Senate Minority Leader Mitch McConnell is “medically clear” to proceed working, the attending physician for the U.S. Congress said someday after the Kentucky Republican froze during a press conference for the second time this summer.
“Occasional lightheadedness will not be unusual in concussion recovery and may also be expected because of this of dehydration,” Dr. Brian Monahan said in a letter shared Thursday from McConnell’s office.
The doctor was referencing a concussion that McConnell, 81, had suffered in March after a fall at a political fundraiser.
Monahan said he has “consulted with Leader McConnell and conferred together with his neurology team,” and gave him the all-clear after “evaluating yesterday’s incident.”
That incident got here at first of a Wednesday afternoon press conference in Covington, Kentucky, when McConnell abruptly stopped speaking and stared straight ahead for about 30 seconds.
He appeared to fail to reply when an aide approached him to ask if he had heard a reporter’s query. McConnell had been asked for his thoughts about running for reelection.
The episode echoed the same health scare in July, when McConnell suddenly froze and was briefly unable to talk at a news conference in Washington, D.C.
But Monahan said in Thursday’s letter that he has “informed Leader McConnell that he’s medically clear to proceed together with his schedule as planned.”
The physician’s assessment was backed up later Thursday by President Joe Biden, who said McConnell gave the impression of “his old self” when he called him on the phone.
“It’s under no circumstances unusual to have the response that sometimes happens to Mitch, while you’ve had a severe concussion,” Biden said during a surprise visit to FEMA headquarters.
“It is a component of the recovery.

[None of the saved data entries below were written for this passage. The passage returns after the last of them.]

(* A finite S belongs to K as soon as some member of K consists of options
   each dominated by an element of S: trade every t <= s for
   s = t + (s - t), where the positive difference s - t is in K by K2. *)
Lemma K_dominated S T :
  Qset S -> K T -> T `<=` [set t | exists s, S s /\ opt_le t s] -> K S.
Proof.
move=> fin_S KT T_dom; case: (cohK) => KQ [_ [_ [K2 [_ K4]]]].
have [T' [KT' T'S]] : exists T', K T' /\ T' `<=` S.
  apply: (K_refine (I := [set t | exists s, S s /\ opt_le t s]) (P := S)
            _ _ KT (KQ _ KT) T_dom) => [s Ss|W v KW W_dom Wv Sv].
    by exists s; split=> // x; exact: lexx.
  have [s [Ss v_le_s]] := W_dom v Wv.
  apply: (K_absorb (T := [set fun x => s x - v x])) => // [|_ ->].
    apply: K2; split=> [x|]; first by rewrite /opt0 subr_ge0; exact: v_le_s.
    move=> s_eq_v; apply: Sv; suff -> : v = s by [].
    apply: funext => x; have /eqP := congr1 (fun f => f x) s_eq_v.
    by rewrite /opt0 eq_sym subr_eq0 => /eqP.
  exists (1, 1); split=> /=; first by rewrite /R2plus /=; split; [|split]; lra.
  have -> // : (fun x => 1 * v x + 1 * (s x - v x)) = s.
  by apply: funext => x; rewrite !mul1r addrC subrK.
by rewrite -(setUidr T'S); exact: K4.
Qed.

(* Main induction (on the number m of generators, indexed by nat): if every
   selection u_i in B_i (i < m) has a nonnegative combination with positive
   total weight lying in P, then some member of K is contained in P.  Each
   v in B_m is either absorbed directly (c v in P for some c > 0), or
   combined with a member of K, obtained by induction, whose elements t all
   satisfy c v + t in P for some c >= 0. *)
Lemma K_combinations m (B : nat -> set (X -> R)) P :
  (forall i, (i < m)%N -> K (B i)) ->
  (forall u : nat -> X -> R, (forall i, (i < m)%N -> B i (u i)) ->
     exists lam : nat -> R, (forall i, 0 <= lam i) /\
       0 < \sum_(i < m) lam i /\ P (fun x => \sum_(i < m) lam i * u i x)) ->
  exists T, K T /\ T `<=` P.
Proof.
case: (cohK) => KQ _; elim: m B P => [|m IH] B P KB comb_P.
  have [lam [_ [+ _]]] := comb_P (fun _ _ => 0) (fun i => ltac:(by [])).
  by rewrite big_ord0 ltxx.
have KBm := KB m (ltnSn m).
apply: (K_refine (I := B m `|` P) (P := P) _ _ KBm (KQ _ KBm))
  => [t Pt|W v KW W_sub Wv notPv|t Bt]; [by right| |by left].
have Bv : B m v by case: (W_sub v Wv).
have [[c [c_gt0 Pcv]]|no_c] := pselect (exists c, 0 < c /\ P (fun x => c * v x)).
  apply: (K_absorb KW KW) => t _; exists (c, 0); split=> /=.
    by rewrite /R2plus /=; split; [|split]; lra.
  have -> // : (fun x => c * v x + 0 * t x) = (fun x => c * v x).
  by apply: funext => x; rewrite mul0r addr0.
pose Pv := [set t | exists c, 0 <= c /\ P (fun x => c * v x + 1 * t x)].
suff [Tv [KTv TvP]] : exists T, K T /\ T `<=` Pv.
  apply: (K_absorb KW KTv) => t /TvP [c [c_ge0 Pct]]; exists (c, 1).
  by split=> //; rewrite /R2plus /=; split; [|split]; lra.
apply: (IH B Pv (fun i lt_im => KB i (leqW lt_im))) => u' Bu'.
pose u i := if i == m then v else u' i.
have Bu i : (i < m.+1)%N -> B i (u i).
  rewrite ltnS leq_eqVlt => /orP[/eqP ->|lt_im]; rewrite /u ?eqxx //.
  by rewrite (ltn_eqF lt_im); exact: Bu'.
have [lam [lam_ge0 [lam_gt0 P_lam]]] := comb_P u Bu.
have comb_recr : (fun x => \sum_(i < m.+1) lam i * u i x) =
                 (fun x => lam m * v x + 1 * \sum_(i < m) lam i * u' i x).
  apply: funext => x; rewrite big_ord_recr /= /u eqxx mul1r addrC.
  by congr (_ + _); apply: eq_bigr => i _; rewrite (ltn_eqF (ltn_ord i)).
rewrite comb_recr in P_lam; rewrite big_ord_recr /= in lam_gt0.
have : 0 <= \sum_(i < m) lam i by apply: sumr_ge0.
rewrite le0r => /orP[/eqP sum0|sum_gt0]; last first.
  by exists lam; split=> //; split=> //; exists (lam m).
(* all lam_i with i < m vanish, so lam_m v lies in P: excluded above *)
case: no_c; exists (lam m); split; first by rewrite sum0 add0r in lam_gt0.
have lam0 := psumr_eq0P (fun (i : 'I_m) _ => lam_ge0 i) sum0.
move: P_lam; congr P; apply: funext => x.
by rewrite big1 ?mulr0 ?addr0 // => i _; rewrite lam0 ?mul0r.
Qed.

Lemma K_combinations_ord n (A : 'I_n -> set (X -> R)) P :
  (forall j, K (A j)) ->
  (forall u : 'I_n -> X -> R, (forall j, A j (u j)) ->
     exists lam : 'I_n -> R, Rnplus lam /\ P (lincomb lam u)) ->
  exists T, K T /\ T `<=` P.
Proof.
move=> KA comb_P; pose B i := oapp A set0 (insub i).
have BE (j : 'I_n) : B j = A j by rewrite /B valK.
apply: (@K_combinations n B) => [i lt_in|u Bu].
  by rewrite -[i]/(val (Ordinal lt_in)) BE.
have Au (j : 'I_n) : A j (u j) by rewrite -BE; exact: Bu.
have [lam [[lam_ge0 lam_gt0] P_lam]] := comb_P (fun j => u j) Au.
pose lam' i := oapp lam 0 (insub i).
have lamE (j : 'I_n) : lam' j = lam j by rewrite /lam' valK.
exists lam'; split; first by move=> i; rewrite /lam'; case: insub.
split; first by rewrite (eq_bigr lam) // => j _; exact: lamE.
move: P_lam; congr P; apply: funext => x.
by rewrite /lincomb; apply: eq_bigr => j _; rewrite lamE.
Qed.

Lemma criterion_sufficient n (A : 'I_n -> set (X -> R)) S :
  (forall j, K (A j)) -> Qset S -> ex_criterion A S -> K S.
Proof.
case: (cohK) => _ [K0 [_ [K2 [_ K4]]]] KA fin_S.
case=> [[u [Su Pu]]|[_ dom]].
  have uS : [set u] `<=` S by move=> _ ->.
  by rewrite -(setUidr uS); exact: K4 (K2 _ Pu) fin_S.
pose S0 := S `|` [set @opt0 X R].
have [T [KT T_dom]] : exists T, K T /\ T `<=` [set t | exists s, S0 s /\ opt_le t s].
  apply: K_combinations_ord KA _ => u /dom [s [S0s [lam [lam_R le_s]]]].
  by exists lam; split=> //; exists s.
have KS0 : K S0.
  apply: K_dominated KT T_dom.
  by rewrite /Qset /= finite_setU; split=> //; exact: finite_set1.
have := K4 _ S (K0 _ KS0) fin_S; rewrite setUidr //.
by move=> x [[Sx|x0] x_neq0].
Qed.

End CoherentSets.

Theorem theorem5 (X : Type) (R : realType) (hX : inhabited X) (n : nat)
  (A : 'I_n -> set (X -> R)) (hA : forall j, Qset (A j))
  (S : set (X -> R)) (hS : Qset S) :
  Ex (range A) S <->
  ((S `&` @Vpos X R) !=set0 \/
   (n <> 0%N /\
    forall u : 'I_n -> X -> R, (forall j, A j (u j)) ->
      exists s, (S `|` [set @opt0 X R]) s /\
      exists lam : 'I_n -> R, Rnplus lam /\ opt_le (lincomb lam u) s)).
Proof.
split; first exact: criterion_necessary.
move=> crit_S; split=> // K cohK A_in_K.
apply: (criterion_sufficient cohK) crit_S => // j.
by apply: A_in_K; exists j.
Qed.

And so I’m confident he’ll be back to his old self,” Biden said.
The Democratic president had wished McConnell well after his fall in March, and the senator said the president had called him up following his verbal freeze in July. “I told him I got sandbagged,” McConnell said he told the president at the moment.
An aide to McConnell had previously described the lapse in Covington as the results of the senator feeling “momentarily lightheaded.”
McConnell participated in a discussion with Rep. Jim Banks, R-Ind., later Wednesday evening, his office confirmed to CNBC.
McConnell’s health is a growing cause for concern amongst a few of his Senate colleagues, in response to Politico, which reported that some GOP members are weighing whether to force a special conference meeting in regards to the Republican leader’s recent incidents.